## Problem
Exactly as they stand, write out all of the entries again.

## Data supplied
Section DirectSum.
Variables (F : finFieldType) (vT : vectType F).
Variables (E E1 E2 : {vspace vT}) (rho r1 r2 : {vspace vT} -> nat).
Hypotheses (hM1 : is_qmatroid E1 r1) (hM2 : is_qmatroid E2 r2).
Hypothesis hsum : is_direct_sum E rho E1 r1 E2 r2.
Implicit Types (A B V X : {vspace vT}).

Local Notation pi1 := (daddv_pi E1 E2).
Local Notation pi2 := (daddv_pi E2 E1).

Lemma direct_sum_rank_addv A B : (A <= E1)%VS -> (B <= E2)%VS ->
  rho (A + B)%VS = r1 A + r2 B.
Proof.
case: hsum => sumE [dE12 hrho] AE1 BE2; cbv zeta in hrho.
have dE21 : (E2 :&: E1 = 0)%VS by rewrite capvC.
have ABE : (A + B <= E)%VS by rewrite -sumE addvS.
have [[X XAB eX] /(_ _ (subvv _))] := hrho _ ABE.
rewrite (limg_daddv_pi_addv_l dE12 AE1 BE2) (limg_daddv_pi_addv_r dE21 AE1 BE2) => leAB.
have PA : (pi1 @: X <= A)%VS by rewrite -(limg_daddv_pi_addv_l dE12 AE1 BE2) limgS.
have QB : (pi2 @: X <= B)%VS by rewrite -(limg_daddv_pi_addv_r dE21 AE1 BE2) limgS.
have XE12 : (X <= E1 + E2)%VS by rewrite (subv_trans XAB) ?addvS.
have := leq_of_leqif (dimv_add_leqif (pi1 @: X) (pi2 @: X)).
have := dimvS (subv_limg_daddv_pi dE12 XE12).
have := nullity_monotone hM1 PA AE1; have := nullity_monotone hM2 QB BE2.
have dAB : (A :&: B = 0)%VS by apply/eqP; rewrite -subv0 -dE12 capvS.
rewrite dimv_disjoint_sum // in eX leAB; lia.
Qed.

Lemma direct_sum_rank_l A : (A <= E1)%VS -> rho A = r1 A.
Proof. by move=> AE1; rewrite -[A]addv0 direct_sum_rank_addv ?sub0v // (rank0 hM2) addn0 addv0. Qed.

## Solution for this exercise
Section DirectSum.
Variables (F : finFieldType) (vT : vectType F).
Variables (E E1 E2 : {vspace vT}) (rho r1 r2 : {vspace vT} -> nat).
Hypotheses (hM1 : is_qmatroid E1 r1) (hM2 : is_qmatroid E2 r2).
Hypothesis hsum : is_direct_sum E rho E1 r1 E2 r2.
Implicit Types (A B V X : {vspace vT}).

Local Notation pi1 := (daddv_pi E1 E2).
Local Notation pi2 := (daddv_pi E2 E1).

Lemma direct_sum_rank_addv A B : (A <= E1)%VS -> (B <= E2)%VS ->
  rho (A + B)%VS = r1 A + r2 B.
Proof.
case: hsum => sumE [dE12 hrho] AE1 BE2; cbv zeta in hrho.
have dE21 : (E2 :&: E1 = 0)%VS by rewrite capvC.
have ABE : (A + B <= E)%VS by rewrite -sumE addvS.
have [[X XAB eX] /(_ _ (subvv _))] := hrho _ ABE.
rewrite (limg_daddv_pi_addv_l dE12 AE1 BE2) (limg_daddv_pi_addv_r dE21 AE1 BE2) => leAB.
have PA : (pi1 @: X <= A)%VS by rewrite -(limg_daddv_pi_addv_l dE12 AE1 BE2) limgS.
have QB : (pi2 @: X <= B)%VS by rewrite -(limg_daddv_pi_addv_r dE21 AE1 BE2) limgS.
have XE12 : (X <= E1 + E2)%VS by rewrite (subv_trans XAB) ?addvS.
have := leq_of_leqif (dimv_add_leqif (pi1 @: X) (pi2 @: X)).
have := dimvS (subv_limg_daddv_pi dE12 XE12).
have := nullity_monotone hM1 PA AE1; have := nullity_monotone hM2 QB BE2.
have dAB : (A :&: B = 0)%VS by apply/eqP; rewrite -subv0 -dE12 capvS.
rewrite dimv_disjoint_sum // in eX leAB; lia.
Qed.

Lemma direct_sum_rank_l A : (A <= E1)%VS -> rho A = r1 A.
Proof. by move=> AE1; rewrite -[A]addv0 direct_sum_rank_addv ?sub0v // (rank0 hM2) addn0 addv0. Qed.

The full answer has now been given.